Just to clarify all this as an answer
First, generate some data
y <- c(1:10)
x <- c(rep(0, 4), rep(1, 6))
dat <- data.frame(y, x)
now fit a linear model
summary(lm(y ~ x, data = dat))
Call:
lm(formula = y ~ x, data = dat)
Residuals:
Min 1Q Median 3Q Max
-2.50 -1.25 0.00 1.25 2.50
Coefficients:
Estimate Std. Error t value Pr(>|t|)
(Intercept) 2.5000 0.8385 2.981 0.01756 *
x 5.0000 1.0825 4.619 0.00171 **
Residual standard error: 1.677 on 8 degrees of freedom
Multiple R-squared: 0.7273, Adjusted R-squared: 0.6932
F-statistic: 21.33 on 1 and 8 DF, p-value: 0.001713
Note that the intercept is indeed the mean of $y$ for $x==0$
Now centre $x$ and repeat
x2 <- x - mean(x)
x2
[1] -0.6 -0.6 -0.6 -0.6 0.4 0.4 0.4 0.4 0.4 0.4
summary(lm(y ~ x2, data = dat))
Call:
lm(formula = y ~ x2, data = dat)
Residuals:
Min 1Q Median 3Q Max
-2.50 -1.25 0.00 1.25 2.50
Coefficients:
Estimate Std.
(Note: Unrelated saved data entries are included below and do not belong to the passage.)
(* Let $\mathbb G$ be a symmetric directed graph on $m$ vertices (no self-arcs) with arcs enumerated $e_1,\dots,e_d$, each carrying a real matrix $C_{e_k}$ with $n$ columns, and let $C=\operatorname{blockdiag}(C_{e_1},\dots,C_{e_d})$. Let $\mathbb G_1,\dots,\mathbb G_p$ be symmetric spanning subgraphs of $\mathbb G$ whose union is $\mathbb G$. Let $J$ be the incidence matrix of $\mathbb G$, $J_i$ the spanning incidence matrix of $\mathbb G_i$, and $W_i$ the spanning weight matrix of $\mathbb G_i$; set $\bar J=J\otimes I_n$, $\bar J_i=J_i\otimes I_n$, $\bar W_i=W_i\otimes I_n$. Then $$\ker\big(C\bar J'\big)=\ker\Big(C\sum_{i=1}^p\bar W_i^{1/2}\bar J_i'\Big).$$
   Context: A directed graph is symmetric if whenever $(i,j)$ is an arc so is $(j,i)$. Incidence matrix $J\in\mathbb R^{m\times d}$: column $k$ has $+1$ in row $i$ and $-1$ in row $j$ when $e_k=(j,i)$. Spanning incidence matrix of a spanning subgraph $\mathbb H$: same as $J$ except that column $k$ is zero when $e_k$ is not an arc of $\mathbb H$. Spanning weight matrix of a symmetric spanning subgraph $\mathbb H$: the $d\times d$ diagonal matrix whose $k$th diagonal entry is $1/(1+\max\{\bar d_i,\bar d_j\})$ if $e_k=(j,i)$ is an arc of $\mathbb H$ (with $\bar d_v$ the number of neighbors of $v$ in $\mathbb H$), and $0$ otherwise. $'$ denotes transpose. *)

From HB Require Import structures.
From mathcomp Require Import all_boot all_order all_algebra.
From mathcomp Require Export mxtens.
Set Implicit Arguments. Unset Strict Implicit. Unset Printing Implicit Defensive.
Import Order.TTheory GRing.Theory Num.Theory.
Local Open Scope ring_scope.

(* A directed graph on vertex set 'I_m with arcs enumerated by 'I_d:
   arc k is  e k = (tail, head), i.e. e_k = (j,i) is the arc from j to i. *)

Definition no_self_arcs (m d : nat) (e : 'I_d -> 'I_m * 'I_m) : Prop :=
  forall k, (e k).1 <> (e k).2.
Definition arcs_distinct (m d : nat) (e : 'I_d -> 'I_m * 'I_m) : Prop :=
  injective e.
Definition symmetric_graph (m d : nat) (e : 'I_d -> 'I_m * 'I_m) : Prop :=
  forall k, exists k' : 'I_d, e k' = ((e k).2, (e k).1).

(* A spanning subgraph H of G is given by the set of arcs of G it contains. *)
Definition symmetric_subgraph (m d : nat) (e : 'I_d -> 'I_m * 'I_m)
  (H : pred 'I_d) : Prop :=
  forall k k', H k -> e k' = ((e k).2, (e k).1) -> H k'.

Definition nbr_count (m d : nat) (e : 'I_d -> 'I_m * 'I_m) (H : pred 'I_d)
  (v : 'I_m) : nat :=
  #|[set u : 'I_m | [exists k : 'I_d, H k && (e k == (u, v))]]|.

Definition incidence (R : pzRingType) (m d : nat) (e : 'I_d -> 'I_m * 'I_m)
  : 'M[R]_(m, d) :=
  \matrix_(v < m, k < d) ((v == (e k).2)%:R - (v == (e k).1)%:R).

Definition span_incidence (R : pzRingType) (m d : nat)
  (e : 'I_d -> 'I_m * 'I_m) (H : pred 'I_d) : 'M[R]_(m, d) :=
  \matrix_(v < m, k < d) (if H k then incidence R e v k else 0).

Definition span_weight (R : fieldType) (m d : nat)
  (e : 'I_d -> 'I_m * 'I_m) (H : pred 'I_d) : 'M[R]_d :=
  diag_mx (\row_(k < d) (if H k then
      ((1 + maxn (nbr_count e H (e k).1) (nbr_count e H (e k).2))%:R)^-1
    else 0)).

(* principal square root of a diagonal matrix with nonnegative entries:
   entrywise square root *)
Definition diag_sqrt (R : rcfType) (k : nat) (W : 'M[R]_k) : 'M[R]_k :=
  map_mx Num.sqrt W.

Lemma sum_const_ord (d n : nat) : (\sum_(k < d) n)%N = (d * n)%N.
Proof. by rewrite sum_nat_const card_ord. Qed.

Definition blockdiag (R : pzRingType) (d n : nat) (r : 'I_d -> nat)
  (C : forall k : 'I_d, 'M[R]_(r k, n)) : 'M[R]_(\sum_(k < d) r k, d * n) :=
  castmx (erefl, sum_const_ord d n)
    (\mxblock_(i < d, j < d) (if i == j then C i else 0 : 'M[R]_(r i, n))).

(* Since the graphs G_i span G and W_i, J_i vanish on the arcs outside G_i,
   sum_i W_i^{1/2} J_i' = D J' with D = diag(c_k), c_k = sum_i (W_i)_kk^{1/2},
   and c_k > 0 because every arc lies in some G_i.  The diagonal matrix
   D (x) I_n acts by the scalar c_k on the k-th block of columns of
   C = blockdiag(C_k), so C (D (x) I_n) = D' C with D' diagonal and positive;
   multiplying by an invertible diagonal matrix does not change the kernel. *)

From HB Require Import structures.
From mathcomp Require Import all_boot all_order all_algebra.
From mathcomp Require Import mxtens.
Import Order.TTheory GRing.Theory Num.Theory.
Local Open Scope ring_scope.

Lemma tagnat_sig1_const (d n : nat) (b : 'I_(\sum_(k < d) n)) :
  val (tagnat.sig1 (p_ := fun _ : 'I_d => n) b) = (b %/ n)%N.
Proof.
set s := tagnat.sig1 b; set t := tagnat.sig2 b.
have n_gt0 : (0 < n)%N := leq_ltn_trans (leq0n t) (ltn_ord t).
have -> : nat_of_ord b = (s * n + t)%N.
  by rewrite [LHS]tagnat.rect -(big_ord_widen _ (fun _ => n) (ltnW (ltn_ord s)))
             sum_nat_const card_ord.
by rewrite divnMDl // divn_small ?addn0.
Qed.

Lemma tensmx1_diag (R : comPzRingType) (d n : nat) (v : 'rV[R]_d) :
  diag_mx v *t (1%:M : 'M[R]_n) =
  diag_mx (\row_b v 0 (mxtens_unindex (m:=d) (n:=n) b).1).
Proof.
apply/matrixP => a b.
case: (mxtens_indexP a) => i j; case: (mxtens_indexP b) => k l.
rewrite tensmxE !mxE mxtens_indexK /=.
rewrite (inj_eq (can_inj (@mxtens_indexK d n))) xpair_eqE.
by case: (i == k); case: (j == l); rewrite ?mulr1 ?mulr0.
Qed.

Lemma blockdiag_mul_diag_tensmx1 (R : comPzRingType) (d n : nat)
  (r : 'I_d -> nat) (C : forall k, 'M[R]_(r k, n)) (v : 'rV[R]_d) :
  blockdiag C *m (diag_mx v *t (1%:M : 'M[R]_n)) =
  diag_mx (\row_a v 0 (tagnat.sig1 (p_ := r) a)) *m blockdiag C.
Proof.
rewrite tensmx1_diag mul_mx_diag mul_diag_mx; apply/matrixP => a b.
rewrite !mxE /blockdiag castmxE /= mxE cast_ord_id.
case: eqP => [h|_]; last by rewrite !mxE mul0r mulr0.
by rewrite mulrC; congr (v 0 _ * _); apply: val_inj; rewrite /= h tagnat_sig1_const.
Qed.

Lemma diag_sqrt_diag_tensmx1 (R : rcfType) (d n : nat) (v : 'rV[R]_d) :
  diag_sqrt (diag_mx v *t (1%:M : 'M[R]_n)) =
  diag_mx (map_mx Num.sqrt v) *t (1%:M : 'M[R]_n).
Proof.
apply/matrixP => a b; rewrite /diag_sqrt !mxE.
by case: eqP; case: eqP; rewrite ?mulr1n ?mulr0n ?mulr1 ?mulr0 ?sqrtr0.
Qed.

Lemma tensmx_suml (R : comPzRingType) (I : finType) (m1 n1 m2 n2 : nat)
  (A : I -> 'M[R]_(m1, n1)) (B : 'M[R]_(m2, n2)) :
  (\sum_i A i) *t B = \sum_i (A i *t B).
Proof.
apply/matrixP => a b; rewrite summxE !mxE summxE mulr_suml.
by apply: eq_bigr => i _; rewrite !mxE.
Qed.

Lemma diag_mx_mul_eq0 (R : idomainType) (k l : nat) (u : 'rV[R]_k)
  (y : 'M[R]_(k, l)) :
  (forall a, u 0 a != 0) -> (diag_mx u *m y == 0) = (y == 0).
Proof.
move=> u_neq0; rewrite mul_diag_mx.
apply/eqP/eqP => [/matrixP uy0|->]; apply/matrixP => a b; last by rewrite !mxE mulr0.
by move/eqP: (uy0 a b); rewrite !mxE mulf_eq0 (negbTE (u_neq0 a)) => /eqP.
Qed.

Lemma sum_diag_mul_span_incidence (R : comPzRingType) (m d p : nat)
  (e : 'I_d -> 'I_m * 'I_m) (H : 'I_p -> pred 'I_d) (u : 'I_p -> 'rV[R]_d) :
  (forall i k, ~~ H i k -> u i 0 k = 0) ->
  \sum_i diag_mx (u i) *m (span_incidence R e (H i))^T =
  diag_mx (\sum_i u i) *m (incidence R e)^T.
Proof.
move=> u_supp; apply/matrixP => k v; rewrite summxE mul_diag_mx !mxE summxE mulr_suml.
apply: eq_bigr => i _; rewrite mul_diag_mx !mxE.
by case: (boolP (H i k)) => // Hik; rewrite u_supp // !mul0r.
Qed.

Section SpanWeight.

Variables (R : rcfType) (m d : nat) (e : 'I_d -> 'I_m * 'I_m).

Lemma span_weight_gt0 (H : pred 'I_d) k : H k -> 0 < span_weight R e H k k.
Proof. by move=> Hk; rewrite mxE eqxx mulr1n mxE Hk invr_gt0 ltr0Sn. Qed.

Definition cover_weight {p} (H : 'I_p -> pred 'I_d) : 'rV[R]_d :=
  \row_k \sum_i Num.sqrt (span_weight R e (H i) k k).

Lemma cover_weight_gt0 p (H : 'I_p -> pred 'I_d) k :
  (exists i, H i k) -> 0 < cover_weight H 0 k.
Proof.
case=> i Hik; rewrite mxE (bigD1 i) //= -[X in X < _]addr0.
rewrite ltr_leD ?sqrtr_gt0 ?span_weight_gt0 //.
by apply: sumr_ge0 => j _; apply: sqrtr_ge0.
Qed.

Lemma sum_sqrt_span_weight_mul_span_incidence (n p : nat) (H : 'I_p -> pred 'I_d) :
  \sum_(i < p) diag_sqrt (span_weight R e (H i) *t (1%:M : 'M[R]_n))
                 *m (span_incidence R e (H i) *t (1%:M : 'M[R]_n))^T
  = (diag_mx (cover_weight H) *t (1%:M : 'M[R]_n))
      *m (incidence R e *t (1%:M : 'M[R]_n))^T.
Proof.
under eq_bigr => i _ do
  rewrite diag_sqrt_diag_tensmx1 trmx_tens tensmx_mul trmx1 mulmx1.
rewrite -tensmx_suml sum_diag_mul_span_incidence; last first.
  by move=> i k Hik; rewrite !mxE (negbTE Hik) sqrtr0.
rewrite trmx_tens trmx1 tensmx_mul mulmx1; congr (diag_mx _ *m _ *t _).
by apply/rowP => k; rewrite !mxE summxE; apply: eq_bigr => i _; rewrite !mxE eqxx mulr1n.
Qed.

End SpanWeight.

Theorem lemma9 (R : rcfType) (m d n p : nat) (e : 'I_d -> 'I_m * 'I_m)
  (r : 'I_d -> nat) (C : forall k : 'I_d, 'M[R]_(r k, n))
  (H : 'I_p -> pred 'I_d) :
  no_self_arcs e -> arcs_distinct e -> symmetric_graph e ->
  (forall i, symmetric_subgraph e (H i)) ->
  (forall k, exists i, H i k) ->
  forall x : 'cV[R]_(m * n),
    (blockdiag C *m (incidence R e *t (1%:M : 'M[R]_n))^T *m x == 0)
    = (blockdiag C *m
         (\sum_(i < p) diag_sqrt (span_weight R e (H i) *t (1%:M : 'M[R]_n))
                         *m (span_incidence R e (H i) *t (1%:M : 'M[R]_n))^T)
         *m x == 0).
Proof.
(* Only the covering hypothesis matters: the identity holds for any arc list. *)
move=> _ _ _ _ covered x.
rewrite sum_sqrt_span_weight_mul_span_incidence mulmxA blockdiag_mul_diag_tensmx1.
rewrite -!mulmxA diag_mx_mul_eq0 // => a.
by rewrite mxE lt0r_neq0 // cover_weight_gt0.
Qed.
Error t value Pr(>|t|)
(Intercept) 5.5000 0.5303 10.371 6.46e-06 ***
x2 5.0000 1.0825 4.619 0.00171 **
Residual standard error: 1.677 on 8 degrees of freedom
Multiple R-squared: 0.7273, Adjusted R-squared: 0.6932
F-statistic: 21.33 on 1 and 8 DF, p-value: 0.001713
Note that the coefficient is unchanged as the difference between the predicted means for the two categories remains unchanged but the intercept has been shifted to represent the hypothetical value predicted for $x2 == 0$.
Although centering can be an excellent idea it does not do much of interest with categorical predictors.